SUPPLIED RECORDS -
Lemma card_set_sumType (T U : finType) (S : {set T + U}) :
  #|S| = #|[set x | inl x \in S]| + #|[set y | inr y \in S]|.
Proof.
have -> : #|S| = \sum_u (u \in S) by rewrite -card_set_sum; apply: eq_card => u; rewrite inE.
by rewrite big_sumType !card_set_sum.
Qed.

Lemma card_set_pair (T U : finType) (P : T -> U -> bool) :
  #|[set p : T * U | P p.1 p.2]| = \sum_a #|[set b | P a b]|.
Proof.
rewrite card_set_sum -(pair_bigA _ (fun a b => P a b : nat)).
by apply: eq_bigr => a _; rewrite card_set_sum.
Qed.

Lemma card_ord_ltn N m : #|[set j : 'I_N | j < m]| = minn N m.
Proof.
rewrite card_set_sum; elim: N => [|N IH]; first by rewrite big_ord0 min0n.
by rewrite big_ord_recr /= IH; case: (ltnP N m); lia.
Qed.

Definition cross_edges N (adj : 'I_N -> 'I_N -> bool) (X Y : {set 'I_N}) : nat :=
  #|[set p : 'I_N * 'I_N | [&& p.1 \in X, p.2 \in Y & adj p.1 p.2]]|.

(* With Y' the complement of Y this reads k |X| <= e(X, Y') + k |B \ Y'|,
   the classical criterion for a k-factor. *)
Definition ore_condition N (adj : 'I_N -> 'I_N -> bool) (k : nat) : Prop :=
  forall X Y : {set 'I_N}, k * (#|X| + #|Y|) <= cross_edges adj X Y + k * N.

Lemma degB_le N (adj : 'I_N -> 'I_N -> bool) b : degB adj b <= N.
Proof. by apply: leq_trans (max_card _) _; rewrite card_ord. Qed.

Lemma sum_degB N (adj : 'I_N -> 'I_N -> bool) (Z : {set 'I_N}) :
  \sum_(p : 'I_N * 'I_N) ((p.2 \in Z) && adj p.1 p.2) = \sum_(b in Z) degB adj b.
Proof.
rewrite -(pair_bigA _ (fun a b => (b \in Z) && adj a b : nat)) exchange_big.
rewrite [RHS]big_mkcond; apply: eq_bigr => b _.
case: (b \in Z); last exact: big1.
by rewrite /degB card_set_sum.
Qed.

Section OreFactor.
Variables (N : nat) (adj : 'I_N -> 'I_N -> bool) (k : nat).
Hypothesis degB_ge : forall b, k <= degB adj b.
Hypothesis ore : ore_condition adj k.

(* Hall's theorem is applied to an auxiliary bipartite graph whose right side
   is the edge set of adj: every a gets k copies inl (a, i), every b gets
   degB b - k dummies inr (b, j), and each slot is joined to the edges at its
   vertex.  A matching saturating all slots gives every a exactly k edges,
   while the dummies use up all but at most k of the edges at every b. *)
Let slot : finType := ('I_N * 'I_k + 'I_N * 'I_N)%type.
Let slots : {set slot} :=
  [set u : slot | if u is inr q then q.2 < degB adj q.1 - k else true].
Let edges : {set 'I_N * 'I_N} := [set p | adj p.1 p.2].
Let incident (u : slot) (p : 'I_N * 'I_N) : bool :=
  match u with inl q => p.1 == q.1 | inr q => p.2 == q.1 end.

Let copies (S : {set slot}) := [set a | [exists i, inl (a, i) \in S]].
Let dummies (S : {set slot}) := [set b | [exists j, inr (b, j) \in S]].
==
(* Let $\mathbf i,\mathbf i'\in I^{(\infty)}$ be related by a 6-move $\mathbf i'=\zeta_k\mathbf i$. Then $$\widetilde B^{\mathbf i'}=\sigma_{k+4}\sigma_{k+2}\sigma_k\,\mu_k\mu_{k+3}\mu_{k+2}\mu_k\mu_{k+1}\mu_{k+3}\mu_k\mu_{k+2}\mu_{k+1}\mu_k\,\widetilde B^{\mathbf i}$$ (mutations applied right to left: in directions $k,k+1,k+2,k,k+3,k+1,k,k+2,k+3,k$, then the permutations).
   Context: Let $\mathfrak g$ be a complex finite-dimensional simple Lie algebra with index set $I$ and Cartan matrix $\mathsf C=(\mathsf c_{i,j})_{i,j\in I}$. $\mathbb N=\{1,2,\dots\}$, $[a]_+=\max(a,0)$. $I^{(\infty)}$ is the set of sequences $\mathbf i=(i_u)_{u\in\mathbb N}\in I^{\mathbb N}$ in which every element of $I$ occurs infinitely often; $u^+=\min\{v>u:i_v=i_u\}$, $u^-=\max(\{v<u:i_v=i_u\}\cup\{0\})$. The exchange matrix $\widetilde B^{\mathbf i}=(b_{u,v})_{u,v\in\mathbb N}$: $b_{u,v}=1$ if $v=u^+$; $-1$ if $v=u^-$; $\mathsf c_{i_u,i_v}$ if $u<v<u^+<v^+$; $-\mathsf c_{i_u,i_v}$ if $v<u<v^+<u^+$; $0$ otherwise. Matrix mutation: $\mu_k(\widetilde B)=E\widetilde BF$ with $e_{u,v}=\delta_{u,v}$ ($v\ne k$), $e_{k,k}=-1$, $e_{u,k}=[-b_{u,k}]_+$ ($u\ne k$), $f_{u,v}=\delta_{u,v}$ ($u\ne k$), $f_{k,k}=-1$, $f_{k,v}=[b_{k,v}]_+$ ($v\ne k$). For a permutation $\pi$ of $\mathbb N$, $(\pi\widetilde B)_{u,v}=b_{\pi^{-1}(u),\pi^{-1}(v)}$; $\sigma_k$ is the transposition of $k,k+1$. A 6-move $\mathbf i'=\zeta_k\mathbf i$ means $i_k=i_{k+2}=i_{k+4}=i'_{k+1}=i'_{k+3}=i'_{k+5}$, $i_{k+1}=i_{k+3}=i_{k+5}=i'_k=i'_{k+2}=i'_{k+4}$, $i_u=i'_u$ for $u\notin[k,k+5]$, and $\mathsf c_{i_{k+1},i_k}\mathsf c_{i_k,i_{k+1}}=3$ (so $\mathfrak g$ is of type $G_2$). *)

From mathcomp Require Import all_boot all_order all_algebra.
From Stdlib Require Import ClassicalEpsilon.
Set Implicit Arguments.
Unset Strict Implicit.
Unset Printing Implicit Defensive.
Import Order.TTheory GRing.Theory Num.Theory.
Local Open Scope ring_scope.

YOUR INSTRUCTIONS - Out of the records, collect only those lines that contain the string "apply".

RESULT OF THE EXERCISE -
have -> : #|S| = \sum_u (u \in S) by rewrite -card_set_sum; apply: eq_card => u; rewrite inE.
by apply: eq_bigr => a _; rewrite card_set_sum.
Proof. by apply: leq_trans (max_card _) _; rewrite card_ord. Qed.
rewrite [RHS]big_mkcond; apply: eq_bigr => b _.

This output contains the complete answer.